The significance of this study is the support of the assumption that the non-avoidable endogenous generation of electromagnetic fields plays an active role in cell dynamics. This supports the basic hypothesis that the endogenous fields of the cell feedback on cell components some of which having generated these fields16. The work is, in addition, mutually supportive to giving credit to works on electrostatic or electromagnetic induction on cell processes being exogenous17,18,19,20 or endogenous21,22,23,24.

The results demand to give more attention to the physics of the cell. This may also include to look at effects from physics-based non-invasive therapies and basic research leading to such forms of therapy, respectively25. This, however, means that we cannot exclude the possibility that life’s inner organization is also driven by rules intrinsic to electromagnetic fields interacting with matter and life.

Materials and Methods

The study organism

Paramecium caudatum (Phylum: Ciliata) is a freshwater protozoan of the Eurasian plate and a common research organism in different biological fields such as ecology and cell behaviour26,27 or host-parasite interactions28. They are large cells with a length of about 250 µm and width of about 50 µm.

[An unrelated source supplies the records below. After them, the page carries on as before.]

(* If the toric algebra $A_{\mathscr{E}}$ is consistent, then every arrow of $Q$ lies on some anticanonical cycle, and hence appears in a term of the superpotential $W=\sum_{p\text{ anticanonical}}p$.
   Context: Let $\mathbb{k}$ be an algebraically closed field and $X=\operatorname{Spec}R$ a normal affine toric variety of dimension $n$ with a torus-fixed point, $R=\mathbb{k}[\sigma^\vee\cap M]$, $\sigma\subset N\otimes\mathbb{R}$ strongly convex rational polyhedral. Let $\sigma(1)$ be the rays, $d=|\sigma(1)|$, $v_\rho$ primitive generators, $D_\rho$ toric prime divisors, torus-invariant divisors identified with $\mathbb{Z}^d$, $\deg:\mathbb{Z}^d\to\operatorname{Cl}(X)$ the class map. Cox ring $\mathbb{k}[x_\rho]$, $x^D=\prod x_\rho^{D_\rho}$. Assume $X$ is Gorenstein: $(1,\dots,1)\in\mathbb{Z}^d$ lies in the image of $M$ under $u\mapsto\sum\langle u,v_\rho\rangle D_\rho$. Let $\mathscr{E}=(E_0=\mathcal{O}_X,E_1,\dots,E_r)$ be pairwise distinct rank one reflexive sheaves, $E_i=\mathcal{O}_X(D_i')$, and $Q$ its quiver of sections: vertices $0,\dots,r$; an arrow $a:i\to j$ with label $\operatorname{div}(a)\in\mathbb{N}^d$ for each irreducible $T_M$-invariant section $x^{\operatorname{div}(a)}$ of $\operatorname{Hom}(E_i,E_j)\cong H^0(\mathcal{O}_X(D_j'-D_i'))$ (irreducible: not in the image of multiplication through any $E_k$, $k\neq i,j$). Paths compose right to left; $\operatorname{div}(p)$ is the sum of labels of arrows of $p$. $J_{\mathscr{E}}$ is generated by $p^+-p^-$ over pairs of paths with equal head, tail and label; $A_{\mathscr{E}}=\mathbb{k}Q/J_{\mathscr{E}}$. A cycle $p$ is anticanonical if $x^{\operatorname{div}(p)}=\prod_\rho x_\rho$; $W\in\mathbb{k}Q/[\mathbb{k}Q,\mathbb{k}Q]$ is the sum of all anticanonical cycles. For a path $q$, $\partial_qW$ is the sum of all paths $p$ such that $pq$ is an anticanonical cycle. $\mathscr{P}$ is the set of paths $q$ with $\partial_qW$ a sum of precisely two paths sharing neither initial nor final arrow; $J_W$ is generated by $p^+-p^-$ whenever $\partial_qW=p^++p^-$, $q\in\mathscr{P}$. $A_{\mathscr{E}}$ is consistent if $J_W=J_{\mathscr{E}}$. *)

From HB Require Import structures.
From mathcomp Require Import all_boot all_order all_algebra.
From Stdlib Require List.
Set Implicit Arguments. Unset Strict Implicit. Unset Printing Implicit Defensive.
Import Order.TTheory GRing.Theory Num.Theory.

Section LabelledQuiver.
Variables (V A : eqType) (isArrow : A -> Prop) (tl hd : A -> V) (d : nat)
          (lab : A -> {ffun 'I_d -> nat}).

(* A path is a tail vertex together with its arrows listed in the order in
   which they are traversed (the first one leaves the tail). *)
Definition qpath := (V * seq A)%type.

Fixpoint chain (t : V) (s : seq A) : bool :=
  if s is a :: s' then (tl a == t) && chain (hd a) s' else true.

Definition ptail (p : qpath) : V := p.1.
Definition phead (p : qpath) : V := last p.1 (map hd p.2).
Definition pvalid (p : qpath) : Prop :=
  (forall a, a \in p.2 -> isArrow a) /\ chain p.1 p.2.

(* composition p q : first q, then p  (paths compose right to left) *)
Definition pcomp (p q : qpath) : qpath := (q.1, q.2 ++ p.2).

Definition plab (p : qpath) (rho : 'I_d) : nat := \sum_(a <- p.2) lab a rho.

(* anticanonical cycle: nontrivial closed path with x^{div p} = prod x_rho *)
Definition anticanonical (c : qpath) : Prop :=
  pvalid c /\ c.2 <> [::] /\ phead c = ptail c /\ forall rho, plab c rho = 1%N.

(* p occurs in d_q W : p q is an anticanonical cycle *)
Definition in_dW (q p : qpath) : Prop :=
  pvalid q /\ pvalid p /\ ptail p = phead q /\ anticanonical (pcomp p q).

Definition share_first (p1 p2 : qpath) : Prop :=
  exists a, ohead p1.2 = Some a /\ ohead p2.2 = Some a.
Definition share_last (p1 p2 : qpath) : Prop :=
  exists a, ohead (rev p1.2) = Some a /\ ohead (rev p2.2) = Some a.

(* q \in P with d_q W = p1 + p2 *)
Definition dW_two (q p1 p2 : qpath) : Prop :=
  p1 <> p2 /\ (forall p, in_dW q p <-> p = p1 \/ p = p2) /\
  ~ share_first p1 p2 /\ ~ share_last p1 p2.

Definition relW (p1 p2 : qpath) : Prop := exists q, dW_two q p1 p2.
Definition relE (p1 p2 : qpath) : Prop :=
  pvalid p1 /\ pvalid p2 /\ ptail p1 = ptail p2 /\ phead p1 = phead p2 /\
  forall rho, plab p1 rho = plab p2 rho.

Variable k : fieldType.

(* elements of kQ are coefficient functions on paths; the two-sided ideal
   generated by binomials p1 - p2 (with B p1 p2) is the k-span of the
   elements u p1 w - u p2 w with u, w paths composable with p1 (and p2). *)
Record gen := Gen { gc : k; gu : qpath; gp1 : qpath; gp2 : qpath; gw : qpath }.

Definition gen_ok (B : qpath -> qpath -> Prop) (g : gen) : Prop :=
  B (gp1 g) (gp2 g) /\ pvalid (gu g) /\ pvalid (gw g) /\
  phead (gw g) = ptail (gp1 g) /\ phead (gp1 g) = ptail (gu g).

Definition gen_coef (L : seq gen) (x : qpath) : k :=
  \sum_(g <- L)
    ((if pcomp (gu g) (pcomp (gp1 g) (gw g)) == x then gc g else 0) -
     (if pcomp (gu g) (pcomp (gp2 g) (gw g)) == x then gc g else 0))%R.

Definition in_ideal (B : qpath -> qpath -> Prop) (f : qpath -> k) : Prop :=
  exists L : seq gen, List.Forall (gen_ok B) L /\ forall x, f x = gen_coef L x.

In this study, I work with Paramecia that are maintained in an incubator with a 24 hrs cycle of 15 hrs artificial light at 23 °C and 9 hrs darkness at 18 °C. Once per week the densities of the cells were assessed with the use of a binocular microscope, glass wells and a hand counter. The cells were thereafter fed with a medium that contains the prokaryote Serratia sp. (on which Paramecia feed) and dried Lettuce (Lactuca sativa var. capitata) leaves (on which the prokaryotes feed). Under such conditions, different clones maintain clone specific densities. In this study, the clone K8 was used with an average maximum cell density, i.e., carrying capacity of 300 cells/mL (for more information refer29).

The glass-barrier method

The use of glass-barriers (i.e., cuvettes) goes back to the original works of Alexander Gurwitsch5 who employed it to prevent transmission of chemical – but not electromagnetic – signals from one population to another, and was used in many variations ever since30,31,32.

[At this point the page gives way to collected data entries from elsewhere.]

(* Fix $X^*\in\mathcal X$ and assume that every neighborhood $U$ of $X^*$ in $\mathcal X$ admits a solution trajectory $X(t)=Q(Y(t))$ of FTQL with $X(t)\in U$ for all $t\ge0$. Then $X^*$ is a Nash equilibrium.
   Context: Quantum game: players $i\in\{1,\dots,N\}$, integers $d_i\ge1$; $\mathbb H^{d}$ is the real vector space of $d\times d$ complex Hermitian matrices; $\mathcal X_i=\{X_i\in\mathbb H^{d_i}:X_i\succeq0,\operatorname{tr}X_i=1\}$, $\mathcal X=\prod_i\mathcal X_i$. Payoffs $u_i(X)=\sum_{\omega\in\Omega}U_i(\omega)\operatorname{tr}[P_\omega(X_1\otimes\cdots\otimes X_N)]$ for a finite set $\Omega$, positive semidefinite $P_\omega$ with $\sum_\omega P_\omega=I$, and real $U_i$. The payoff gradient $V_i(X)\in\mathbb H^{d_i}$ is the unique Hermitian matrix with $u_i(A;X_{-i})=\operatorname{tr}(AV_i(X))$ for all $A\in\mathbb H^{d_i}$. $X^*$ is a Nash equilibrium if $u_i(X^* )\ge u_i(X_i;X^*_{-i})$ for all $X_i\in\mathcal X_i$ and all $i$. Regularizers $h_i(X_i)=\operatorname{tr}\theta_i(X_i)$ with $\theta_i:[0,1]\to\mathbb R$ continuous, twice differentiable on $(0,1]$, $\theta_i(0)=0$, $\inf_{(0,1]}\theta_i''>0$ (matrix functions via eigendecomposition). Mirror map $Q_i(Y_i)=\arg\max_{X_i\in\mathcal X_i}\{\operatorname{tr}(Y_iX_i)-h_i(X_i)\}$, $Q=\prod Q_i$. FTQL dynamics: $\dot Y_i=V_i(X)$, $X_i=Q_i(Y_i)$. *)

From HB Require Import structures.
From mathcomp Require Import all_boot all_order all_algebra.
From mathcomp Require Import complex.
From mathcomp Require Import boolp classical_sets functions reals topology
  normedtype derive set_interval.

Set Implicit Arguments.
Unset Strict Implicit.
Unset Printing Implicit Defensive.

Import Order.TTheory GRing.Theory Num.Theory.
Import numFieldNormedType.Exports.
Local Open Scope classical_set_scope.
Local Open Scope ring_scope.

In the present study two populations were separated from each other by using two sizes of cuvettes (vials). Big cuvettes with a base of 23 mm × 23 mm and a height of 40 mm, and small cuvettes with a base of 15 mm × 15 mm and a height of 45 mm the thickness of the walls being 1.5 mm (see Fig. 1(a)). The cuvettes consist either of normal glass (which is a filter for electromagnetic radiation in the optical ultra-violet (UV) spectrum, i.e., UV-B [280–315 nm] and UV-C [100–280 nm]) or quartz glass allowing transmission of the whole UV range; for glass and quartz transmission spectra see elsewhere11.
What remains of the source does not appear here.